> **Records from a dataset**:
□ □ □ □ □ □ □
(** * Substitution *)

Lemma in_remove_var l x y : In y (remove_var l x) <-> In y l /\ y <> x.
Proof.
  unfold Defs.remove_var; rewrite filter_In.
  destruct (V_eq_dec y x); intuition congruence.
Qed.

Lemma notin_remove_var y l x : ~ In y l -> ~ In y (remove_var l x).
Proof. rewrite in_remove_var; tauto. Qed.

Lemma remove_var_notin l y : ~ In y l -> remove_var l y = l.
Proof.
  induction l as [|a l IH]; simpl; intros Hy; [reflexivity|].
  destruct (V_eq_dec a y) as [->|_]; [tauto|].
  f_equal; apply IH; tauto.
Qed.

Lemma remove_var_app l1 l2 x :
  remove_var (l1 ++ l2) x = remove_var l1 x ++ remove_var l2 x.
Proof. apply filter_app. Qed.

Lemma incl_remove_var l l' x : incl l l' -> incl (remove_var l x) (remove_var l' x).
Proof. intros Hl u; rewrite !in_remove_var; intuition. Qed.

Lemma X'_fresh l : ~ In (X' l) l.
Proof.
  intros Hin; apply (chi'_fresh (map encode l)).
  unfold Defs.X' in Hin; apply (in_map encode) in Hin.
  rewrite encode_decode in Hin; exact Hin.
Qed.

Lemma Xs_fresh s l : ~ In (Xs s l) (flat_map (fun v => fv (s v)) l).
Proof. apply X'_fresh. Qed.

Lemma Xs_fresh_fv s l v u : In v l -> In u (fv (s v)) -> u <> Xs s l.
Proof. intros Hv Hu ->; apply (Xs_fresh s l), in_flat_map; eauto. Qed.

Lemma Xs_ext s t l : (forall v, In v l -> fv (s v) = fv (t v)) -> Xs s l = Xs t l.
Proof. intros Hst; unfold Defs.Xs; f_equal; apply flat_map_ext_in; exact Hst. Qed.

Lemma upd_same s x N : upd s x N x = N.
Proof. unfold Defs.upd; destruct (V_eq_dec x x); congruence. Qed.

Lemma upd_other s x N y : y <> x -> upd s x N y = s y.
Proof. unfold Defs.upd; destruct (V_eq_dec y x); congruence. Qed.

Lemma act_ext M s t : (forall v, In v (fv M) -> s v = t v) -> act M s = act M t.
Proof.
  revert s t; induction M as [k|x|x A IHA M IHM|x A IHA M IHM|M IHM N IHN];
    intros s t Hst; simpl in *.
  1,2: auto.
  3: rewrite (IHM s t), (IHN s t) by auto using in_or_app; reflexivity.
  all: rewrite (Xs_ext s t) by (intros; f_equal; apply Hst, in_or_app; auto);
       rewrite (IHA s t) by (intros; apply Hst, in_or_app; auto);
       f_equal; apply IHM; intros u Hu; unfold Defs.upd;
       destruct (V_eq_dec u x); [reflexivity|];
       apply Hst, in_or_app; right; apply in_remove_var; auto.
Qed.

Lemma remove_var_flat_map_upd l s x y :
  ~ In y (flat_map (fun v => fv (s v)) (remove_var l x)) ->
  remove_var (flat_map (fun v => fv (upd s x (tv y) v)) l) y
  = flat_map (fun v => fv (s v)) (remove_var l x).
Proof.
  induction l as [|a l IH]; intros Hy; simpl; [reflexivity|].
  rewrite remove_var_app; unfold Defs.upd at 1.
  unfold Defs.remove_var in Hy at 1 |- * at 3; simpl in Hy |- *.
  destruct (V_eq_dec a x) as [_|Hax]; simpl in Hy |- *.
  - destruct (V_eq_dec y y) as [_|]; [exact (IH Hy)|congruence].
  - rewrite in_app_iff in Hy; rewrite remove_var_notin by tauto.
    f_equal; apply IH; tauto.
Qed.

Lemma fv_act M s : fv (act M s) = flat_map (fun v => fv (s v)) (fv M).
Proof.
  revert s; induction M as [k|x|x A IHA M IHM|x A IHA M IHM|M IHM N IHN];
    intros s; simpl.
  1,2: rewrite ?app_nil_r; reflexivity.
  3: rewrite flat_map_app, IHM, IHN; reflexivity.
  all: rewrite flat_map_app, IHA, IHM, remove_var_flat_map_upd
         by apply Xs_fresh; reflexivity.
Qed.

Lemma act_comp M s t : act (act M s) t = act M (fun v => act (s v) t).
Proof.
  revert s t; induction M as [k|x|x A IHA M IHM|x A IHA M IHM|M IHM N IHN];
    intros s t; simpl.
  1,2: reflexivity.
  3: rewrite IHM, IHN; reflexivity.
  all: set (y := Xs s (remove_var (fv M) x));
       assert (Hy : Xs t (remove_var (fv (act M (upd s x (tv y)))) y)
                    = Xs (fun v => act (s v) t) (remove_var (fv M) x))
         by (unfold Defs.Xs; rewrite fv_act, remove_var_flat_map_upd, flat_map_flat_map
               by apply Xs_fresh;
             f_equal; apply flat_map_ext_in; intros; rewrite fv_act; reflexivity);
       rewrite Hy, IHA, IHM; f_equal; apply act_ext; intros u Hu;
       destruct (V_eq_dec u x) as [->|Hux];
       [ rewrite !upd_same; apply upd_same
       | rewrite !(upd_other _ x _ u) by exact Hux; apply act_ext; intros w Hw;
         apply upd_other; intros ->;
         apply (Xs_fresh_fv s (remove_var (fv M) x) u y);
         [apply in_remove_var|..]; auto ].
Qed.

Lemma act_subst1 M x N s : act (subst1 M x N) s = act M (upd s x (act N s)).
Proof.
  unfold Defs.subst1; rewrite act_comp; apply act_ext; intros v _.
  unfold Defs.upd; destruct (V_eq_dec v x); reflexivity.
Qed.

Lemma subst1_act_upd M s x y N :
  subst1 (act M (upd s x (tv y))) y N
  = act M (upd (fun v => act (s v) (upd iota y N)) x N).
Proof.
  unfold Defs.subst1; rewrite act_comp; apply act_ext; intros v _.
  destruct (V_eq_dec v x) as [->|Hvx].
  - rewrite !upd_same; apply upd_same.
  - rewrite !upd_other by exact Hvx; reflexivity.
Qed.

Lemma act_subst1_rename M x u s N : ~ In u (remove_var (fv M) x) ->
  act (subst1 M x (tv u)) (upd s u N) = act M (upd s x N).
Proof.
  intros Hu; rewrite act_subst1; apply act_ext; intros v Hv.
  destruct (V_eq_dec v x) as [->|Hvx].
  - rewrite !upd_same; apply upd_same.
  - rewrite !(upd_other _ x _ v) by exact Hvx.
    rewrite upd_other; [reflexivity|].
    intros ->; apply Hu, in_remove_var; auto.
Qed.

Lemma subst1_rename M x u N : ~ In u (remove_var (fv M) x) ->
  subst1 (subst1 M x (tv u)) u N = subst1 M x N.
Proof. apply act_subst1_rename. Qed.

Lemma in_fv_subst1 M x N u : In u (remove_var (fv M) x) -> In u (fv (subst1 M x N)).
Proof.
  rewrite in_remove_var; intros [Hu Hux].
  unfold Defs.subst1; rewrite fv_act; apply in_flat_map; exists u.
  rewrite upd_other by exact Hux; split; [exact Hu | left; reflexivity].
Qed.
□ □ □ □ □ □ □
> **Try it**:
A verbatim transcription is needed of the lines above, starting at the line with "v)) (remove_var l x)." and ending at the line with "f_equal; apply flat_map_ext_in; intros;", both included, and of nothing else.

> **Completed task**:
  = flat_map (fun v => fv (s v)) (remove_var l x).
Proof.
  induction l as [|a l IH]; intros Hy; simpl; [reflexivity|].
  rewrite remove_var_app; unfold Defs.upd at 1.
  unfold Defs.remove_var in Hy at 1 |- * at 3; simpl in Hy |- *.
  destruct (V_eq_dec a x) as [_|Hax]; simpl in Hy |- *.
  - destruct (V_eq_dec y y) as [_|]; [exact (IH Hy)|congruence].
  - rewrite in_app_iff in Hy; rewrite remove_var_notin by tauto.
    f_equal; apply IH; tauto.
Qed.

Lemma fv_act M s : fv (act M s) = flat_map (fun v => fv (s v)) (fv M).
Proof.
  revert s; induction M as [k|x|x A IHA M IHM|x A IHA M IHM|M IHM N IHN];
    intros s; simpl.
  1,2: rewrite ?app_nil_r; reflexivity.
  3: rewrite flat_map_app, IHM, IHN; reflexivity.
  all: rewrite flat_map_app, IHA, IHM, remove_var_flat_map_upd
         by apply Xs_fresh; reflexivity.
Qed.

Lemma act_comp M s t : act (act M s) t = act M (fun v => act (s v) t).
Proof.
  revert s t; induction M as [k|x|x A IHA M IHM|x A IHA M IHM|M IHM N IHN];
    intros s t; simpl.
  1,2: reflexivity.
  3: rewrite IHM, IHN; reflexivity.
  all: set (y := Xs s (remove_var (fv M) x));
       assert (Hy : Xs t (remove_var (fv (act M (upd s x (tv y)))) y)
                    = Xs (fun v => act (s v) t) (remove_var (fv M) x))
         by (unfold Defs.Xs; rewrite fv_act, remove_var_flat_map_upd, flat_map_flat_map
               by apply Xs_fresh;
             f_equal; apply flat_map_ext_in; intros; rewrite fv_act; reflexivity);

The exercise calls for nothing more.